Pollenzo is revered and imitated worldwide: almost half of its students come from abroad, and German or Japanese delegations are regularly welcomed to the University to learn and take their new-found knowledge back home. “The valorisation of everything to do with food is fruit of deindustrialization: in Italy – and in Europe – it has become necessary to extract new resources from our respective territories. And what better heritage than food to ensure our survival? – explains Simone Cinotto, a food historian and lecturer at Pollenzo, specialized in American history – So, universities have responded to this new interest”.
Strange as it may seem, the most extensive and ramified offering is actually available in the States: the first courses dedicated to food and its socio-cultural implications started to appear two or three decades ago. Then came the transition: the first degree courses were inaugurated (minor and major).

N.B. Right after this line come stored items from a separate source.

Lemma below_exists φ : exists N, below N φ.
Proof.
  induction φ as [P l| |a [N1 H1] b [N2 H2]|x a [N H]|t X a [N1 H1]]; simpl.
  - apply list_below_exists.
  - exists 0; auto.
  - exists (max N1 N2).
    split; [apply (below_mono N1) | apply (below_mono N2)]; auto; lia.
  - exists (max N (S x)). split; [lia | apply (below_mono N); auto; lia].
  - destruct (list_below_exists X) as [N2 H2]. exists (max N1 N2). split.
    + eapply Forall_impl; [|eauto]. intros; eapply var_below_mono; [|eauto]; lia.
    + apply (below_mono N1); auto; lia.
Qed.

Lemma in_map_swap N v l : In v (map (swap N) l) <-> In (swap N v) l.
Proof.
  rewrite in_map_iff. split.
  - intros [x [<- Hx]]. rewrite swap_involutive; auto.
  - intros H. exists (swap N v). rewrite swap_involutive; auto.
Qed.

Lemma in_swap_set N v X : In v (sortset (map (swap N) X)) <-> In (swap N v) X.
Proof. rewrite In_sortset. apply in_map_swap. Qed.

Lemma inb_swap_set N v X : inb v (sortset (map (swap N) X)) = inb (swap N v) X.
Proof.
  apply eq_true_iff_eq. rewrite !inb_In. apply in_swap_set.
Qed.

Lemma swap_vins N y X :
  sortset (map (swap N) (vins y X)) = vins (swap N y) (sortset (map (swap N) X)).
Proof.
  apply sorted_set_ext; [apply sortset_sorted | apply vins_sorted, sortset_sorted|].
  intro v. rewrite in_swap_set, !In_vins, in_swap_set, swap_eq. tauto.
Qed.

Lemma var_eqb_swap N x v : x < N -> var_eqb (swap N v) (BV x) = var_eqb v (BV x).
Proof.
  intro Hx. apply eq_true_iff_eq. rewrite !var_eqb_spec, swap_eq, swap_low; tauto.
Qed.

Lemma fv_swap_form N φ v :
  below N φ -> (In v (fv (swap_form N φ)) <-> In (swap N v) (fv φ)).
Proof.
  revert v; induction φ as [P l| |a IHa b IHb|x a IH|t X a IH]; intros v Hb;
    simpl in *.
  - apply in_map_swap.
  - tauto.
  - destruct Hb. rewrite !in_app_iff, IHa, IHb; tauto.
  - destruct Hb as [Hx Hb]. rewrite !filter_In, IH, var_eqb_swap; tauto.
  - apply in_swap_set.
Qed.

Lemma fv_below N φ v : below N φ -> In v (fv φ) -> var_below N v.
Proof.
  revert v; induction φ as [P l| |a IHa b IHb|x a IH|t X a IH]; intros v Hb Hv;
    simpl in *.
  - rewrite Forall_forall in Hb; auto.
  - tauto.
  - destruct Hb. apply in_app_iff in Hv. destruct Hv; eauto.
  - apply filter_In in Hv. destruct Hb, Hv; eauto.
  - destruct Hb as [Hb _]. rewrite Forall_forall in Hb; auto.
Qed.

Lemma fv_basic φ v : basic φ -> In v (fv φ) -> is_basic_var v.
Proof.
  revert v; induction φ as [P l| |a IHa b IHb|x a IH|t X a IH]; intros v Hb Hv;
    simpl in *.
  - rewrite Forall_forall in Hb; auto.
  - tauto.
  - destruct Hb. apply in_app_iff in Hv. destruct Hv; eauto.
  - apply filter_In in Hv. destruct Hv; eauto.
  - destruct Hb as [Hb _]. rewrite Forall_forall in Hb; auto.
Qed.

Lemma swap_var_basic N v : var_below N v -> is_basic_var (swap N v).
Proof. destruct v; simpl; auto. intro H. apply Nat.ltb_lt in H. rewrite H; simpl; auto. Qed.

Lemma swap_set_basic N X :
  Forall (var_below N) X -> Forall is_basic_var (map (swap N) X).
Proof.
  rewrite !Forall_forall. intros H v Hv. apply in_map_swap in Hv.
  rewrite <- (swap_involutive N v). apply swap_var_basic; auto.
Qed.

Lemma swap_form_FmlJ N φ : below N φ -> FmlJ (swap_form N φ).
Proof.
  unfold FmlJ. induction φ as [P l| |a IHa b IHb|x a IH|t X a IH]; intros Hb;
    simpl in *.
  - split; auto. apply swap_set_basic; auto.
  - auto.
  - destruct Hb. destruct IHa, IHb; auto.
  - destruct Hb. destruct IH; auto.
  - destruct Hb as [HX Hb]. destruct IH; auto. repeat split; auto.
    + apply StronglySorted_Sorted, sortset_sorted.
    + pose proof (swap_set_basic N X HX) as Hbas. rewrite Forall_forall in *.
      intros v Hv. apply Hbas, In_sortset, Hv.
Qed.

Lemma swap_fix N v : var_below N v -> is_basic_var v -> swap N v = v.
Proof. destruct v; simpl; try tauto. intros H _. apply Nat.ltb_lt in H. rewrite H; auto. Qed.

Lemma map_swap_fix N l :
  Forall (var_below N) l -> Forall is_basic_var l -> map (swap N) l = l.
Proof.
  induction l; simpl; auto. intros H1 H2. inversion H1; inversion H2; subst.
  f_equal; auto. apply swap_fix; auto.
Qed.

Lemma swap_form_fix N φ : below N φ -> FmlJ φ -> swap_form N φ = φ.
Proof.
  unfold FmlJ. induction φ as [P l| |a IHa b IHb|x a IH|t X a IH];
    intros Hb [Hw Hbas]; simpl in *.
  - f_equal. apply map_swap_fix; auto.
  - auto.
  - destruct Hb, Hw, Hbas. f_equal; auto.
  - destruct Hb. f_equal; auto.
  - destruct Hb, Hw, Hbas. f_equal; auto.
    rewrite map_swap_fix; auto. apply wfset_sortset; auto.
Qed.

(* ** Renamings under the swap *)

Lemma ren_ext_fv f g φ :
  (forall v, In v (fv φ) -> f v = g v) -> ren f φ = ren g φ.
Proof.
  revert f g; induction φ as [P l| |a IHa b IHb|x a IH|t X a IH]; intros f g H;
    simpl in *.
  - f_equal. apply map_ext_in; auto.
  - auto.
  - f_equal; [apply IHa | apply IHb]; intros; apply H; apply in_app_iff; auto.
  - f_equal. apply IH. intros v Hv. unfold upd.
    destruct (var_eqb v (BV x)) eqn:E; auto. apply H, filter_In. rewrite E; auto.
  - f_equal; [f_equal; apply map_ext_in; auto|].
    apply IH. intros v _. destruct (inb v X) eqn:E; auto. apply H, inb_In; auto.
Qed.

Lemma ren_ok_ext_fv f g φ :
  (forall v, In v (fv φ) -> f v = g v) -> ren_ok f φ -> ren_ok g φ.
Proof.
  revert f g; induction φ as [P l| |a IHa b IHb|x a IH|t X a IH];
    intros f g H Hok; simpl in *; auto.
  - destruct Hok; split; [apply (IHa f g) | apply (IHb f g)]; auto;
      intros; apply H; apply in_app_iff; auto.
  - destruct Hok as [Hok1 Hok2]. split.
    + eapply IH; [|exact Hok1]. intros v Hv. unfold upd.
      destruct (var_eqb v (BV x)) eqn:E; auto. apply H, filter_In. rewrite E; auto.
    + intros v Hv. rewrite <- H; auto.
  - destruct Hok as [Hok1 Hok2]. split.
    + eapply IH; [|exact Hok1]. intros v _. simpl.
      destruct (inb v X) eqn:E; auto. apply H, inb_In; auto.
    + intros v w Hv1 Hv2 Hw1 Hw2. rewrite <- H; auto.
Qed.

Definition conjugate (N : nat) (f : var -> var) : var -> var :=
  fun v => swap N (f (swap N v)).

Lemma conjugate_upd N f x : x < N -> conjugate N (upd f x) = upd (conjugate N f) x.
Proof.
  intro Hx. apply functional_extensionality. intro v. unfold conjugate, upd.
  rewrite var_eqb_swap; auto. destruct (var_eqb v (BV x)); auto.
  apply swap_involutive.
Qed.

Lemma conjugate_restrict N f X :
  conjugate N (fun v => if inb v X then f v else v) =
  (fun v => if inb v (sortset (map (swap N) X)) then conjugate N f v else v).
Proof.
  apply functional_extensionality. intro v. unfold conjugate.
  rewrite inb_swap_set. destruct (inb (swap N v) X); auto. apply swap_involutive.
Qed.

Lemma conjugate_sub1 N x y : x < N -> conjugate N (sub1 x y) = sub1 x (swap N y).
Proof.
  intro Hx. apply functional_extensionality. intro v. unfold conjugate, sub1.
  rewrite var_eqb_swap; auto. destruct (var_eqb v (BV x)); auto.
  apply swap_involutive.
Qed.

Lemma swap_set_map N f X :
  sortset (map (swap N) (sortset (map f X))) =
  sortset (map (conjugate N f) (sortset (map (swap N) X))).
Proof.
  apply sorted_set_ext; try apply sortset_sorted.
  intro v. rewrite in_swap_set, !In_sortset, !in_map_iff. split.
  - intros [x [Hx1 Hx2]]. exists (swap N x). split.
    + unfold conjugate. rewrite swap_involutive, Hx1, swap_involutive; auto.
    + apply in_swap_set. rewrite swap_involutive; auto.
  - intros [y [Hy1 Hy2]]. apply in_swap_set in Hy2. exists (swap N y). split; auto.
    unfold conjugate in Hy1. rewrite <- Hy1, swap_involutive; auto.
Qed.

Lemma swap_form_ren N f φ :
  below N φ -> swap_form N (ren f φ) = ren (conjugate N f) (swap_form N φ).
Proof.
  revert f; induction φ as [P l| |a IHa b IHb|x a IH|t X a IH]; intros f Hb;
    simpl in *.
  - f_equal. rewrite !map_map. apply map_ext. intro v.
    unfold conjugate. rewrite swap_involutive; auto.
  - auto.
  - destruct Hb. f_equal; auto.
  - destruct Hb. f_equal. rewrite IH, conjugate_upd; auto.
  - destruct Hb. f_equal; [apply swap_set_map|]. rewrite IH, conjugate_restrict; auto.
Qed.

Lemma swap_form_ren_ok N f φ :
  below N φ -> ren_ok f φ -> ren_ok (conjugate N f) (swap_form N φ).
Proof.
  revert f; induction φ as [P l| |a IHa b IHb|x a IH|t X a IH];
    intros f Hb Hok; simpl in *; auto.
  - destruct Hb, Hok; split; auto.
  - destruct Hb as [Hx Hb], Hok as [Hok1 Hok2]. split.
    + rewrite <- conjugate_upd; auto.
    + intros v Hv Heq. apply (Hok2 (swap N v)).
      * apply (fv_swap_form N (All x a)); simpl; auto.
      * unfold conjugate in Heq. apply swap_eq in Heq. rewrite swap_low in Heq; auto.
  - destruct Hb as [HX Hb], Hok as [Hok1 Hok2]. split.
    + rewrite <- conjugate_restrict; auto.
    + intros v w Hv1 Hv2 Hw1 Hw2 Heq. apply in_swap_set in Hv1.
      apply (fv_swap_form N a v Hb) in Hv2. apply (fv_swap_form N a w Hb) in Hw1.
      rewrite in_swap_set in Hw2.
      apply (Hok2 _ _ Hv1 Hv2 Hw1 Hw2). unfold conjugate in Heq.
      apply swap_eq in Heq; auto.
Qed.

(* ** Axioms are preserved by the swap *)

Lemma peval_swap_form N val φ :
  peval val (swap_form N φ) = peval (fun ψ => val (swap_form N ψ)) φ.
Proof. induction φ; simpl; auto. rewrite IHφ1, IHφ2; auto. Qed.

Lemma swap_form_axiom N φ : below N φ -> axiom φ -> axiom (swap_form N φ).
Proof.
  intros Hb Hax. destruct Hax as
    [φ Ht|x φ y Hok|x φ ψ Hx|t X y φ HyX Hyφ|t X y φ HyX|t X φ|t s X φ ψ
    |t s X φ|t s X φ|t X φ|t X x φ HxX|t X y φ HyX]; simpl in *.
  - apply ax_taut. intro val. rewrite peval_swap_form. apply Ht.
  - destruct Hb as [[Hx Hb] _].
    rewrite swap_form_ren, conjugate_sub1 by auto. apply ax_inst.
    rewrite <- conjugate_sub1 by auto. apply swap_form_ren_ok; auto.
  - destruct Hb as [[Hx' [Hb1 _]] _]. apply ax_allimp.
    rewrite fv_swap_form, swap_low; auto.
  - destruct Hb as [[_ Hb] _]. rewrite swap_vins. apply ax_A2.
    + rewrite in_swap_set, swap_involutive; auto.
    + rewrite fv_swap_form, swap_involutive; auto.
  - rewrite swap_vins. apply ax_A3. rewrite in_swap_set, swap_involutive; auto.
  - apply ax_B1.
  - apply ax_B2.
  - apply ax_B3l.
  - apply ax_B3r.
  - apply ax_B4.
  - destruct Hb as [_ [_ [Hx _]]]. apply ax_B5. rewrite in_swap_set, swap_low; auto.
  - destruct Hb as [[Hy _] _]. rewrite swap_vins, swap_low by auto. apply ax_Bb.
    rewrite in_swap_set, swap_low; auto.
Qed.

(* ** The permutation induced by a witness renaming *)

Fixpoint wit_source (P : nat -> bool) (τ : nat -> nat) (i k : nat) : option nat :=
  match i with
  | 0 => None
  | S i' => if P i' && Nat.eqb (τ i') k then Some i' else wit_source P τ i' k
  end.

Lemma wit_source_some P τ i k m :
  wit_source P τ i k = Some m -> m < i /\ P m = true /\ τ m = k.
Proof.
  induction i; simpl; [discriminate|].
  destruct (P i && Nat.eqb (τ i) k) eqn:E.
  - intro H; inversion H; subst. apply andb_true_iff in E.
    destruct E as [E1 E2]. apply Nat.eqb_eq in E2. auto.
  - intro H. destruct (IHi H) as [? [? ?]]. auto.
Qed.

Lemma wit_source_none P τ i k :
  wit_source P τ i k = None -> forall m, m < i -> P m = true -> τ m <> k.
Proof.
  induction i; simpl; [lia|].
  destruct (P i && Nat.eqb (τ i) k) eqn:E; [discriminate|].
  intros H m Hm HP Ht. destruct (Nat.eq_dec m i) as [->|Hne].
  - rewrite HP in E. simpl in E. apply Nat.eqb_neq in E. auto.
  - apply (IHi H m); auto. lia.
Qed.

(* The involution of indices exchanging each selected n < N with N + τ n:
   on basic variables below N it acts as swap ∘ (witness renaming). *)
Definition wit_perm (N : nat) (P : nat -> bool) (τ : nat -> nat) (n : nat) : nat :=
  if Nat.ltb n N then (if P n then N + τ n else n)
  else match wit_source P τ N (n - N) with Some m => m | None => n end.

Lemma wit_perm_involutive N P τ (Hinj : forall m n, τ m = τ n -> m = n) n :
  wit_perm N P τ (wit_perm N P τ n) = n.
Proof.
  unfold wit_perm at 2. destruct (Nat.ltb n N) eqn:E.
  - apply Nat.ltb_lt in E. unfold wit_perm. destruct (P n) eqn:EP.
    + destruct (Nat.ltb (N + τ n) N) eqn:E2; [apply Nat.ltb_lt in E2; lia|].
      replace (N + τ n - N) with (τ n) by lia.
      destruct (wit_source P τ N (τ n)) eqn:F.
      * apply wit_source_some in F. destruct F as [_ [_ F]]. auto.
      * exfalso. eapply wit_source_none; eauto.
    + apply Nat.ltb_lt in E. rewrite E, EP; auto.
  - apply Nat.ltb_ge in E. destruct (wit_source P τ N (n - N)) eqn:F.
    + destruct (wit_source_some _ _ _ _ _ F) as [H1 [H2 H3]]. unfold wit_perm.
      apply Nat.ltb_lt in H1. rewrite H1, H2. lia.
    + unfold wit_perm. apply Nat.ltb_ge in E. rewrite E, F; auto.
Qed.

Lemma conjugate_wit_ren N P τ n :
  n < N -> conjugate N (wit_ren P τ) (BV n) = lift_ren (wit_perm N P τ) (BV n).
Proof.
  intro Hn. unfold conjugate, wit_perm. simpl.
  apply Nat.ltb_lt in Hn. rewrite Hn. simpl. destruct (P n); simpl.
  - destruct (Nat.ltb (N + τ n) N) eqn:E; [apply Nat.ltb_lt in E; lia|]. auto.
  - rewrite Hn; auto.
Qed.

“What sets us apart from 'Food Science' (Agraria in Italian)– explains Cinotto – is that the latter takes no account of socio-cultural aspects. Our challenge is all about integrating the various spheres of activity”. In the course of the last two years, the university courses focused on food have really taken off, with some extremely interesting new proposals. The great state university of Indiana launched a PhD in food anthropology two years ago, directed by Richard Wilk, which involves as many as 37 departments on the campus. The Pacific University of San Francisco offers the first ever Master of Arts in Food Studies on the West Coast, directed by historian Ken Albala.